Logical. Should IPC samples be included in output? Default is `FALSE`.

include_SC

Logical. Should SC samples be included in output? Default is `TRUE`.

include_Bridge

Logical. Should Bridge samples be included in output? Default is `TRUE`.

include_Calibrator

Logical. Should Calibrator samples be included in output? Default is `FALSE`.

include_NC

Logical. Should NC samples be included in output? Default is `FALSE`.

include_unnorm_counts

Logical. Should unnormalized counts be included as an additional column in output? Default is `FALSE`.

include_IC_counts

Logical. Should IC counts be included in the output? Default is `FALSE`. This is only useful when include_unnorm_counts=TRUE.

excludeSamples

Optional vector of string(s) or a named list of character string vectors that give sample names to be excluded from the output file. Can be a single value or vector applied to all plates, or a named list with plate-specific values where names correspond to plate IDs. If no sample is to be excluded from a plate, use `NULL` in the list for that plate.

excludeTargets

Optional vector of string(s) or a named list of character string vectors that give target names to be excluded from the output file. Can be a single value or vector applied to all plates, or a named list with plate-specific values where names correspond to plate IDs. If no target is to be excluded from a plate, use `NULL` in the list for that plate.

interPlateNorm_method

Default is "IPC" for inter-plate control normalization. Use "IN" for IPC normalization followed by intensity normalization.

IN_samples

Optional argument passed to `interPlateNorm` function. A list of column names or indices specifying which subset of samples to use for intensity normalization step for each plate in data_list. By default, when this is set to `NULL`, all samples are used for IN.

replaceNA

Logical. Passed to `readNULISAseq()` function. If `TRUE` (default), will replace any missing counts with zero for generating NPQ. (For AQ data, see replace_zeros_with_NA, below.)

TAP

If `TRUE` (default), uses TAP detectability criteria in sample QC which includes more matrix types than non-TAP criteria. However, this function currently only flags samples based on IC median deviation.

output_TAP_AQ

Logical. Default is `FALSE`. If xml files include AQ parameters and this is set to TRUE, the function will output the Excel file format used for TAP projects. File will have 5 tabs including RQ data, AQ data, detectability, quantifiability, and sample information.

replace_cal_blank_zeros

Logical. Default is `FALSE`. If `TRUE`, AQ targets with a zero mean NC value will have the a_yint parameter replaced with the AQMC value, rather than be set to zero.

replace_zeros_with_NA

Logical. Default is `TRUE`. When `TRUE`, will replace and zero AQ data values with NA.

metadata

An optional named list of metadata, such as software package version numbers, that will be added as the last sheet in the Excel file.

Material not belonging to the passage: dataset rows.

Lemma reduces_to_exp x t n : reduces_to x t -> reduces_to (x ^+ n) (t ^+ n).
Proof.
move=> xt; elim: n => [|n IHn]; first exact: reduces_to_nat 1.
by rewrite !exprS; apply: reduces_to_mul.
Qed.

#[local] Hint Resolve reduces_to_int reduces_to_nat reduces_to_s30 reduces_to_add
  reduces_to_opp reduces_to_mul reduces_to_exp : core.

Lemma inOK_reduces x : inOK x -> exists t, reduces_to x t.
Proof.
have [F2 _ _] := natr235_neq0 F30.
have F60 : (60%:R : F) != 0 by rewrite (natrM F 2 30) mulf_neq0.
case/inOK_s30_coords=> U [W DUW].
by exists ((U%:~R + W%:~R * r) / 60%:R), 60, U, W; split; rewrite ?mulfVK.
Qed.

Definition reduction_ker (x : algC) : Prop := inOK x /\ reduces_to x 0.

Lemma reduction_ker_nat n : (n%:R : F) = 0 -> reduction_ker n%:R.
Proof. by move=> n0; split; [split; [apply: inK_nat | apply: rpred_nat] | rewrite -n0]. Qed.

Lemma reduction_ker_prime p : p \in [pchar F] -> prime_ideal_OK reduction_ker.
Proof.
move=> pcharFp; split.
- by move=> x [].
- by apply: (@reduction_ker_nat 0).
- move=> x y [[Kx Ax] x0] [[Ky Ay] y0]; split; first by split; [apply: inK_add | apply: rpredD].
  by rewrite -(addr0 0); apply: reduces_to_add.
- move=> s x OKs [[Kx Ax] x0]; have [[Ks As] [t st]] := (OKs, inOK_reduces OKs).
  split; first by split; [apply: inK_mul | apply: rpredM].
  by rewrite -(mulr0 t); apply: reduces_to_mul.
- by case=> _ /(reduces_to_uniq (reduces_to_nat 1)) /eqP; rewrite oner_eq0.
- move=> x y OKx OKy [_ xy0].
  have [[t xt] [u yu]] := (inOK_reduces OKx, inOK_reduces OKy).
  have /eqP := reduces_to_uniq (reduces_to_mul xt yu) xy0.
  rewrite mulf_eq0 => /orP[/eqP t0 | /eqP u0].
    by left; split; rewrite -?t0.
  by right; split; rewrite -?u0.
- exists p%:R; split; first exact/reduction_ker_nat/(pcharf0 pcharFp).
  by rewrite pnatr_eq0 -lt0n prime_gt0 // (pcharf_prime pcharFp).
Qed.

Lemma reduction_ker_residue_char p : p \in [pchar F] -> residue_char reduction_ker p.
Proof.
by move=> pcharFp; split; [apply: pcharf_prime pcharFp | apply/reduction_ker_nat/pcharf0].
Qed.

Lemma not_integral_at_ratio N D tN : reduces_to N tN -> reduces_to D 0 -> tN != 0 ->
  D != 0 -> ~ integral_at reduction_ker (N / D).
Proof.
move=> Nt D0 tN_neq0 D_neq0 [al [be [OKal OKbe be_notin eq_ratio]]].
have be_neq0 : be != 0 by apply: contra_not_neq be_notin => ->; apply: (@reduction_ker_nat 0).
have eq_cross : al * D = N * be.
  by rewrite -[al](mulfVK be_neq0) -eq_ratio mulrAC divfK.
have [[a al_a] [b be_b]] := (inOK_reduces OKal, inOK_reduces OKbe).
have := reduces_to_mul al_a D0; rewrite eq_cross => /(reduces_to_uniq (reduces_to_mul Nt be_b)).
rewrite mulr0 => /eqP; rewrite mulf_eq0 (negPf tN_neq0) /= => /eqP b0.
by apply: be_notin; split; last by rewrite -b0.
Qed.

Lemma j_short_not_integral A B tA tB :
  reduces_to A tA -> reduces_to B tB -> B != 0 -> A ^+ 2 - 4%:R * B != 0 ->
  tB * (tA ^+ 2 - 4%:R * tB) = 0 -> 16%:R * tA ^+ 2 - 48%:R * tB != 0 ->
  ~ integral_at reduction_ker (j_weierstrass 0 A 0 B 0).
Proof.
move=> At Bt B_neq0 disc_neq0 tdisc0 tc4_neq0; rewrite j_weierstrass_short.
apply: (@not_integral_at_ratio _ _ ((16%:R * tA ^+ 2 - 48%:R * tB) ^+ 3)).
- by auto.
- have -> : 0 = 16%:R * tB ^+ 2 * (tA ^+ 2 - 4%:R * tB) :> F.
    by rewrite exprS -!mulrA tdisc0 !mulr0.
  by auto.
- by rewrite expf_neq0.
- by rewrite !mulf_neq0 ?expf_neq0 // pnatr_eq0.
Qed.

Lemma j1_not_integral a b : (a%:~R : F) != 0 ->
  r * (3%:R * a%:~R ^+ 2 + b%:~R ^+ 2) = - (15%:R * a%:~R ^+ 2) ->
  ~ integral_at reduction_ker (j1 a b).
Proof.
move=> a_neq0 r_eq; have [F2 F3 F5] := natr235_neq0 F30.
have ab_neq0 : 3 * a ^+ 2 + b ^+ 2 != 0.
  have : a != 0 by apply: contraNneq a_neq0 => ->.
  by nia.
pose tB := 30%:R * ((15%:R + 3%:R * r) * a%:~R ^+ 2 + r * b%:~R ^+ 2) : F.
have tB0 : tB = 0.
  by rewrite -(mulr0 30%:R) -(addrN (15%:R * a%:~R ^+ 2)) -r_eq /tB; ring.
apply: (@j_short_not_integral _ _ (60%:R * a%:~R) tB _ _ _ _ _); first by auto.
- by rewrite /tB; auto 8.
- have -> : 30%:R * ((15%:R + 3%:R * s30) * a%:~R ^+ 2 + s30 * b%:~R ^+ 2) =
      (450 * a ^+ 2)%:~R + (30 * (3 * a ^+ 2 + b ^+ 2))%:~R * s30 :> algC by ring.
  by rewrite intr_s30_neq0 // mulf_neq0.
- have -> : (60%:R * a%:~R) ^+ 2 -
      4%:R * (30%:R * ((15%:R + 3%:R * s30) * a%:~R ^+ 2 + s30 * b%:~R ^+ 2)) =
      (1800 * a ^+ 2)%:~R + (- 120 * (3 * a ^+ 2 + b ^+ 2))%:~R * s30 :> algC by ring.
  by rewrite intr_s30_neq0 // mulf_neq0.
- by rewrite tB0 mul0r.
- rewrite tB0 mulr0 subr0.
  have -> : 16%:R * (60%:R * a%:~R) ^+ 2 = 2%:R ^+ 8 * 3%:R ^+ 2 * 5%:R ^+ 2 * a%:~R ^+ 2 :> F.
    by ring.
  by rewrite !mulf_neq0 ?expf_neq0.
Qed.

Lemma j2_not_integral a b : (b%:~R : F) != 0 ->
  r * (a%:~R ^+ 2 + 2%:R * b%:~R ^+ 2) = 10%:R * b%:~R ^+ 2 ->
  ~ integral_at reduction_ker (j2 a b).
Proof.
move=> b_neq0 r_eq; have [F2 _ F5] := natr235_neq0 F30.
have ab_neq0 : a ^+ 2 + 2 * b ^+ 2 != 0.
  have : b != 0 by apply: contraNneq b_neq0 => ->.
  by nia.
pose tB := 20%:R * (r * a%:~R ^+ 2 + (10%:R + 2%:R * r) * b%:~R ^+ 2) : F.
have tdisc0 : (40%:R * b%:~R) ^+ 2 - 4%:R * tB = 0.
  transitivity (800%:R * b%:~R ^+ 2 - 80%:R * (r * (a%:~R ^+ 2 + 2%:R * b%:~R ^+ 2)) : F).
    by rewrite /tB; ring.
  by rewrite r_eq; ring.
apply: (@j_short_not_integral _ _ (40%:R * b%:~R) tB _ _ _ _ _); first by auto.
- by rewrite /tB; auto 8.
- have -> : 20%:R * (s30 * a%:~R ^+ 2 + (10%:R + 2%:R * s30) * b%:~R ^+ 2) =
      (200 * b ^+ 2)%:~R + (20 * (a ^+ 2 + 2 * b ^+ 2))%:~R * s30 :> algC by ring.
  by rewrite intr_s30_neq0 // mulf_neq0.
- have -> : (40%:R * b%:~R) ^+ 2 -
      4%:R * (20%:R * (s30 * a%:~R ^+ 2 + (10%:R + 2%:R * s30) * b%:~R ^+ 2)) =
      (800 * b ^+ 2)%:~R + (- 80 * (a ^+ 2 + 2 * b ^+ 2))%:~R * s30 :> algC by ring.
  by rewrite intr_s30_neq0 // mulf_neq0.
- by rewrite tdisc0 mulr0.
- have -> : 16%:R * (40%:R * b%:~R) ^+ 2 - 48%:R * tB =
      2%:R ^+ 8 * 5%:R ^+ 2 * b%:~R ^+ 2 + 12%:R * ((40%:R * b%:~R) ^+ 2 - 4%:R * tB) by ring.
  by rewrite tdisc0 mulr0 addr0 !mulf_neq0 ?expf_neq0.
Qed.

End Reduction.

The list names will be the first column, and the values will form the second column. If `NULL` (default) then no metadata sheet is added.

verbose

Logical. Should function output step completion info. Default is `TRUE`.

Value

Outputs an Excel file.

Details

#' For RQ data, Excel file tabs include RQ data, target detectability and sample information. For AQ data, tabs include RQ data, AQ data, target detectability, target quantifiability, and sample information.

The function takes as input an optional target info file containing target metadata, including Alamar target IDs and protein names, and an optional sample info file containing sample metadata that is desired to appear in the output file.

Sample QC is currently based on the internal control within 40 median criterion. If a sample's IC count falls outside this threshold, it will be assigned a "WARN" status. Otherwise the sample will be assigned a "PASS" status.

Target QC (if AQ data is available) is currently based on the target concentration accuracy within 30 it will be assigned a "WARN" status. Otherwise the target will be assigned a "PASS" status.

The function outputs long format data where each row corresponds to a particular sample-target combination. Total number of rows is number of samples times number of targets. By default the sample control (SC/AQSC) wells are included in the output, and IPC and NC wells are omitted.